(* Let $\{S_0,S_1,\dots,S_m\}$ be an admissible cover of $S=S_{p,q}$. Then for every $\ell\in\{0,1,\dots,m\}$, either $\mathbb V_{\mathbb F}\big(\bigcup_{i=0}^{\ell-1}S_i\big)=\varnothing$, or for every $\mathbf s\in \mathbb V_{\mathbb F}\big(\bigcup_{i=0}^{\ell-1}S_i\big)$ we have $$\mathbb V_{\mathbb F}\Big(\bigcup_{i=0}^{\ell}S_i\Big)=\mathbb V_{\mathbb F}\Big(\bigcup_{i=0}^{\ell}L_{\mathbf a=\mathbf s}(S_i)\Big).$$ (For $\ell=0$ the union $\bigcup_{i=0}^{-1}S_i$ is empty and its zero set is $\mathbb F^n$.)
   Context: Let $\mathbb F$ be a field of characteristic zero, $\mathbf x=(x_1,\dots,x_n)$ variables and $\mathbf a=(a_1,\dots,a_n)$ new indeterminates. For $p,q\in\mathbb F[\mathbf x]$ write $p(\mathbf x+\mathbf a)-q(\mathbf x)=\sum_{\alpha\in\mathbb N^n}c_\alpha(\mathbf a)\mathbf x^\alpha$ with $c_\alpha(\mathbf a)\in\mathbb F[\mathbf a]$, and let $S=S_{p,q}$ be the family of nonzero coefficients $c_\alpha(\mathbf a)$ (indexed by $\alpha$ with $\mathbf x^\alpha$ in the support of $p(\mathbf x+\mathbf a)-q(\mathbf x)$). On $\mathbb N^n$, $\beta\ge\alpha$ means $\beta_i\ge\alpha_i$ for all $i$, and $\beta>\alpha$ means $\beta\ge\alpha$, $\beta\neq\alpha$. A cover of $S$ is a collection $\{S_0,\dots,S_m\}$ of subsets whose union is $S$. It is admissible if (1) every polynomial in $S_0$ has total degree at most one in $\mathbf a$; and (2) for every $\ell=1,\dots,m$, if $c_\alpha\in S_\ell$ then $c_\beta\in\bigcup_{i=0}^{\ell-1}S_i$ for all $\beta>\alpha$ with $c_\beta\neq 0$. For $f\in\mathbb F[\mathbf a]$ let $f=\sum_{i\ge0}H^i(f)$ be its decomposition into homogeneous components in $\mathbf a$ ($H^i(f)$ homogeneous of degree $i$). For $\mathbf s\in\mathbb F^n$, the linearization of $f$ at $\mathbf s$ is $L_{\mathbf a=\mathbf s}(f)=H^0(f)+H^1(f)(\mathbf a)+\sum_{i\ge2}H^i(f)(\mathbf s)$, and for a set $P$ of polynomials $L_{\mathbf a=\mathbf s}(P)=\{L_{\mathbf a=\mathbf s}(f):f\in P\}$. For $P\subseteq\mathbb F[\mathbf a]$, $\mathbb V_{\mathbb F}(P)=\{\mathbf v\in\mathbb F^n: f(\mathbf v)=0\ \forall f\in P\}$. *)

From HB Require Import structures.
From mathcomp Require Import all_boot all_order all_algebra.
From mathcomp Require Import mpoly.
Set Implicit Arguments. Unset Strict Implicit. Unset Printing Implicit Defensive.
Import Order.TTheory GRing.Theory.
Local Open Scope ring_scope.
Lemma reach_withinSr T k h : reach T sg tau k h <= reach T sg tau k.+1 h.
Proof.
elim: k h => [|k IHk] h.
  by have := reach_within_ge0 T 1 h; rewrite /=; case: ifP.
rewrite reach_withinS [leRHS]reach_withinS; case: ifP => // _.
by apply: ler_expect; [exact: choice_distr | move=> *; exact: IHk].
Qed.

Lemma reach_within_le_from T k h : reach T sg tau k h <= reach_from T sg tau h.
Proof. exact: sup_seq_ub (reach_within_le1 T ^~ h). Qed.

Lemma reach_from_ge0 T h : 0 <= reach_from T sg tau h.
Proof. exact: le_trans (reach_within_ge0 T 0 h) (reach_within_le_from T 0 h). Qed.

Lemma reach_from_le1 T h : reach_from T sg tau h <= 1.
Proof. exact: sup_seq_le (reach_within_le1 T ^~ h). Qed.

Lemma reach_from_adherent T h eps : 0 < eps ->
  exists k, reach_from T sg tau h - eps < reach T sg tau k h.
Proof. exact: sup_seq_adherent (reach_within_le1 T ^~ h). Qed.

End ValidPair.

Definition hcat g h : hist := (g.1 ++ h.1, h.2).
Definition hstart h : S := head h.2 (map fst h.1).
Definition shift sg g : strategy := fun h => sg (hcat g h).

Lemma hcat_extend g h a s' : hcat g (extend h a s') = extend (hcat g h) a s'.
Proof. by rewrite /hcat /extend /= rcons_cat. Qed.

Lemma hstart_extend h a s' : hstart (extend h a s') = hstart h.
Proof. by case: h => [[|p l] t]. Qed.

Lemma shift_valid pl sg g : valid_strategy G pl sg -> valid_strategy G pl (shift sg g).
Proof. by move=> sgV h; exact: (sgV (hcat g h)). Qed.

Section FirstExit.
Variable C : {set S}.

Definition exit_step (p : S * A) : bool :=
  [&& p.1 \in C, isMax p.1 & [exists s', (0 < delta p.1 p.2 s') && (s' \notin C)]].

Fixpoint first_exit (l : seq (S * A)) : option (seq (S * A) * (S * A) * seq (S * A)) :=
  if l is p :: l' then
    if exit_step p then Some ([::], p, l') else
    if first_exit l' is Some (l1, q, l2) then Some (p :: l1, q, l2) else None
  else None.

Lemma first_exit_cat l1 p l2 : first_exit l1 = None -> exit_step p ->
  first_exit (l1 ++ p :: l2) = Some (l1, p, l2).
Proof.
elim: l1 => [|q l1 IHl] /=; first by move=> _ ->.
by case: ifP => // _; case E: (first_exit l1) => [[[? ?] ?]|] // _ /IHl ->.
Qed.
(* Let $\mathbb{F}$ be a non-Archimedean field and let $1\le s\le n$ be an integer. Then for every non-singular $n\times n$ matrix $T$ over $\mathbb{F}$, $\phi^s(T)=\max_{T_s}\|\det T_s\|$, the maximum taken over all $s\times s$ submatrices $T_s$ of $T$.
   Context: $\mathbb{F}$ carries a non-Archimedean absolute value $\|\cdot\|$. On $\mathbb{F}^n$, $\|x\|=\max_i\|x_i\|$; $\|T\|=\sup_{x\ne0}\|Tx\|/\|x\|$; $I_n=\{T:\|T\|=1=\|\det T\|\}$. Every non-singular $T$ factors as $T=PDQ$ with $P,Q\in I_n$, $D=\mathrm{diag}(\sigma_1,\dots,\sigma_n)$, $\|\sigma_1\|\ge\dots\ge\|\sigma_n\|>0$, and $\alpha_i=\|\sigma_i\|$ (the singular values of $T$) are uniquely determined by $T$. For integer $1\le s\le n$ the singular value function is $\phi^s(T)=\alpha_1\alpha_2\cdots\alpha_s$. *)

From HB Require Import structures.
From mathcomp Require Import all_boot all_order all_algebra.
From mathcomp Require Import boolp classical_sets reals.
From Stdlib Require Import ClassicalEpsilon.
Set Implicit Arguments. Unset Strict Implicit. Unset Printing Implicit Defensive.
Import Order.TTheory GRing.Theory Num.Theory.
Local Open Scope ring_scope.
Local Open Scope classical_set_scope.

Section NonArch.
Variables (F : fieldType) (R : realType) (nv : F -> R).

Definition nonarch_abs : Prop :=
  [/\ forall x, 0 <= nv x,
      forall x, nv x = 0 <-> x = 0,
      forall x y, nv (x * y) = nv x * nv y
    & forall x y, nv (x + y) <= Num.max (nv x) (nv y)].

Variable n : nat.

Definition vnorm (x : 'cV[F]_n) : R := \big[Num.max/0]_(i < n) nv (x i 0).

Definition opnorm (T : 'M[F]_n) : R :=
  sup [set vnorm (T *m x) / vnorm x | x in [set x : 'cV[F]_n | x != 0]].

Definition In_set : set 'M[F]_n :=
  [set T | opnorm T = 1 /\ nv (\det T) = 1].

Definition sv_decomp (T : 'M[F]_n) (d : 'rV[F]_n) : Prop :=
  exists P Q : 'M[F]_n,
    [/\ In_set P, In_set Q, T = P *m diag_mx d *m Q,
        (forall i j : 'I_n, (i <= j)%N -> nv (d 0 j) <= nv (d 0 i))
      & forall i : 'I_n, 0 < nv (d 0 i)].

^^^^^^^^

Exercise requirements: All that is wanted is a faithful reproduction of the line above with "Proof. exact: sup_seq_le", the line with "Proof. by case: h => [[|p l] t]. Qed.", and every line in between.

Expected output:
Proof. exact: sup_seq_le (reach_within_le1 T ^~ h). Qed.

Lemma reach_from_adherent T h eps : 0 < eps ->
  exists k, reach_from T sg tau h - eps < reach T sg tau k h.
Proof. exact: sup_seq_adherent (reach_within_le1 T ^~ h). Qed.

End ValidPair.

Definition hcat g h : hist := (g.1 ++ h.1, h.2).
Definition hstart h : S := head h.2 (map fst h.1).
Definition shift sg g : strategy := fun h => sg (hcat g h).

Lemma hcat_extend g h a s' : hcat g (extend h a s') = extend (hcat g h) a s'.
Proof. by rewrite /hcat /extend /= rcons_cat. Qed.

Lemma hstart_extend h a s' : hstart (extend h a s') = hstart h.
Proof. by case: h => [[|p l] t]. Qed.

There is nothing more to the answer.